EXCERPTED RECORDS:
Lemma negligible_bigcup_seq (s : seq (set 'rV[R]_d.+1)) :
  (forall U, U \in s -> mu.-negligible (U : set (Rsp R d))) ->
  mu.-negligible ([set y | exists2 U, U \in s & U y] : set (Rsp R d)).
Proof.
elim: s => [|U s IH] sN.
  by apply: (negligibleS _ (negligible_set0 mu)) => y [U]; rewrite in_nil.
apply: (negligibleS (A := (U `|` [set y | exists2 V, V \in s & V y]) : set (Rsp R d))).
  by move=> y [V]; rewrite in_cons => /orP[/eqP -> |Vs Vy]; [left|right; exists V].
apply: negligibleU; first by apply: sN; rewrite mem_head.
by apply: IH => V Vs; apply: sN; rewrite in_cons Vs orbT.
Qed.

(* Each point off the support has an open mu-null neighbourhood; finitely
   many of them cover K. *)
Lemma negligible_compact_off_support (K : set 'rV[R]_d.+1) :
  compact K -> K `<=` ~` msupport mu -> mu.-negligible (K : set (Rsp R d)).
Proof.
rewrite compact_cover => /(_ (set 'rV[R]_d.+1) [set U | open U /\ mu U = 0%E] id) cK Ksupp.
case: cK => [U [] //|y Ky|D DN cover].
  have /existsNP [U /not_implyP [oU /not_implyP [Uy muU]]] := Ksupp y Ky.
  exists U => //; split => //; apply/eqP; rewrite eq_le measure_ge0 andbT leNgt.
  exact/negP.
apply: (@negligibleS _ _ _ mu [set y | exists2 U, U \in finmap.enum_fset D & U y]) => //.
apply: negligible_bigcup_seq => U UD; have := DN U UD; rewrite inE => -[oU muU].
by exists U; split => //; exact: open_measurable_Rsp.
Qed.

Lemma negligible_sphere_outside_cap (x : 'rV[R]_d.+1) (r : R) :
  msupport mu `<=` cap d r x ->
  mu.-negligible ([set y | sphere d y /\ dotp x y < cos r] : set (Rsp R d)).
Proof.
move=> supp.
pose K n := [set y : 'rV[R]_d.+1 | sphere d y /\ dotp x y <= cos r - n.+1%:R^-1].
apply: (negligibleS (A := \bigcup_n (K n : set (Rsp R d)))).
  move=> y [Sy xy]; have [k xyk] := ltr_add_invr xy.
  by exists k => //; split => //; rewrite lerBrDr ltW.
apply: negligible_bigcup => n; apply: negligible_compact_off_support.
  apply: subclosed_compact; [| exact: compact_sphere | by move=> y []].
  have -> : K n = sphere d `&` (fun y => dotp x y) @^-1` [set z | z <= cos r - n.+1%:R^-1].
    by [].
  apply: closedI; first exact: closed_sphere.
  apply: preimage_closed; last exact: closed_le.
  by move=> y _; exact: dotp_continuous.
move=> y [_ xy] /supp [_ /= cap_y]; move: xy; apply/negP; rewrite -ltNge.
by apply: lt_le_trans cap_y; rewrite ltrBlDr ltrDl invr_gt0 ltr0n.
Qed.

End Support.

Section CapBound.
Variable R : realType.

Lemma dotp_orthogonal_exp_le_sin n t (x v y : 'rV[R]_n) (r : R) :
  sqnorm x = 1 -> sqnorm v = 1 -> dotp x v = 0 -> 0 <= cos r ->
  sqnorm y = 1 -> cos r <= dotp x y -> (dotp v y) ^+ (2 * t) <= (sin r) ^+ (2 * t).
Proof.
move=> x1 v1 xv cos_ge0 y1 cap_y.
have := bessel_ineq2 y x1 v1 xv; rewrite y1 => bessel.
have : (dotp v y) ^+ 2 <= sin r ^+ 2 by rewrite sin2cos2; nra.
by rewrite !exprM; apply: lerXn2r; rewrite ?nnegrE ?sqr_ge0.
Qed.

Local Open Scope ereal_scope.

Lemma integral_dotp_exp_le_sin d (t : nat) (mu : {measure set (Rsp R d) -> \bar R})
    (x v : 'rV[R]_d.+1) (r : R) :
  sqnorm x = 1%R -> sqnorm v = 1%R -> dotp x v = 0%R -> (0 <= cos r)%R ->
  msupport mu `<=` cap d r x ->
  \int[mu]_(y in (sphere d : set (Rsp R d))) ((dotp v y) ^+ (2 * t))%:E
    <= ((sin r) ^+ (2 * t))%:E * mu (sphere d : set (Rsp R d)).
Proof.
move=> x1 v1 xv cos_ge0 supp.
rewrite -integral_cst; last exact: measurable_sphere.
apply: ae_ge0_le_integral.
- exact: measurable_sphere.
- by move=> y _; rewrite lee_fin exprM exprn_ge0 ?sqr_ge0.
- apply: measurable_funTS; apply/measurable_EFinP; apply: measurable_funX.
  by apply: continuous_measurable_Rsp; exact: dotp_continuous.
- by move=> y _; rewrite lee_fin exprM exprn_ge0 ?sqr_ge0.
- exact: measurable_cst.
apply: (negligibleS _ (negligible_sphere_outside_cap supp)).
move=> y /= /not_implyP [Sy le_y]; split => //; rewrite ltNge; apply/negP => cap_y.
by apply: le_y; rewrite lee_fin (dotp_orthogonal_exp_le_sin _ x1 v1 xv cos_ge0 Sy cap_y).
Qed.

Lemma lee_div_of_mul (a c m : R) (L : \bar R) :
  (0 < a)%R -> (0 <= c)%R -> (0 <= m)%R -> 0 <= L ->
  a%:E * L <= c%:E * m%:E -> (a / m)%:E * L <= c%:E.
Proof.
move=> a_gt0 c_ge0 m_ge0; have [->|m_neq0] := eqVneq m 0%R.
  by rewrite invr0 mulr0 mul0e lee_fin.
have m_gt0 : (0 < m)%R by rewrite lt0r m_neq0.
case: L => [l| |] // L_ge0.
  by rewrite -!EFinM !lee_fin mulrAC ler_pdivrMr.
by rewrite muleC gt0_mulye ?lte_fin // leye_eq.
Qed.

End CapBound.

Unset Implicit Arguments.

Theorem lemma4p2 (R : realType) (d t : nat) (a r : R)
  (mu : {measure set (Rsp R d) -> \bar R})
  (x : 'rV[R]_(d.+1)) :
  (1 <= d)%N -> (1 <= t)%N ->
  (mu [set: Rsp R d] < +oo)%E ->
  mu (~` (sphere d : set (Rsp R d))) = 0%E ->
  0 < a -> lower_MZ d t a mu ->
  0 < r -> r <= pi / 2 ->
  sphere d x ->
  msupport mu `<=` cap d r x ->
  ((a / fine (mu (sphere d : set (Rsp R d))))%:E * Lambda d t x
     <= ((sin r) ^+ (2 * t))%:E)%E.
Proof.
move=> d_ge1 _ mu_fin _ a_gt0 MZ r_gt0 r_le Sx supp.
case: d d_ge1 mu x mu_fin MZ Sx supp => [//|d] _ mu x mu_fin MZ Sx supp.
have [v [v1 xv]] := exists_unit_orthogonal x.
have cos_ge0 : 0 <= cos r.
  by apply: cos_ge0_pihalf; rewrite r_le andbT; have := @pi_gt0 R; lra.
have MZv := MZ _ (msize_exp_le t (msize_dotp_mpoly v)).
have peval_sqr : (fun y => ((peval (dotp_mpoly v ^+ t) y) ^+ 2)%:E) =
                 (fun y => ((dotp v y) ^+ (2 * t))%:E :> \bar R).
  by apply/funext => y; rewrite peval_dotp_mpoly_exp -exprM mulnC.
rewrite peval_sqr (sphere_int_dotp_pow_axis t v1) -(sphere_int_dotp_pow_axis t Sx) in MZv.
have [m m_ge0 mE] : exists2 m, 0 <= m & mu (sphere d.+1 : set (Rsp R d.+1)) = m%:E.
  exists (fine (mu (sphere d.+1 : set (Rsp R d.+1)))); first exact/fine_ge0/measure_ge0.
  rewrite fineK // ge0_fin_numE ?measure_ge0 //.
  by apply: le_lt_trans mu_fin; apply: le_measure; rewrite ?inE //; exact: measurable_sphere.
have sin_ge0 : 0 <= sin r ^+ (2 * t) by rewrite exprM exprn_ge0 ?sqr_ge0.
rewrite mE /=; apply: (lee_div_of_mul a_gt0 sin_ge0 m_ge0 (Lambda_ge0 t x)).
by rewrite -mE; apply: le_trans MZv (integral_dotp_exp_le_sin _ Sx v1 xv cos_ge0 supp).
Qed.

TASK OBJECTIVE:
Print exactly, and only, the lines beginning at the top of the listing and ending at the line with "by apply: (negligibleS".

SOLUTION FOR THIS EXERCISE:
Lemma negligible_bigcup_seq (s : seq (set 'rV[R]_d.+1)) :
  (forall U, U \in s -> mu.-negligible (U : set (Rsp R d))) ->
  mu.-negligible ([set y | exists2 U, U \in s & U y] : set (Rsp R d)).
Proof.
elim: s => [|U s IH] sN.
  by apply: (negligibleS _ (negligible_set0 mu)) => y [U]; rewrite in_nil.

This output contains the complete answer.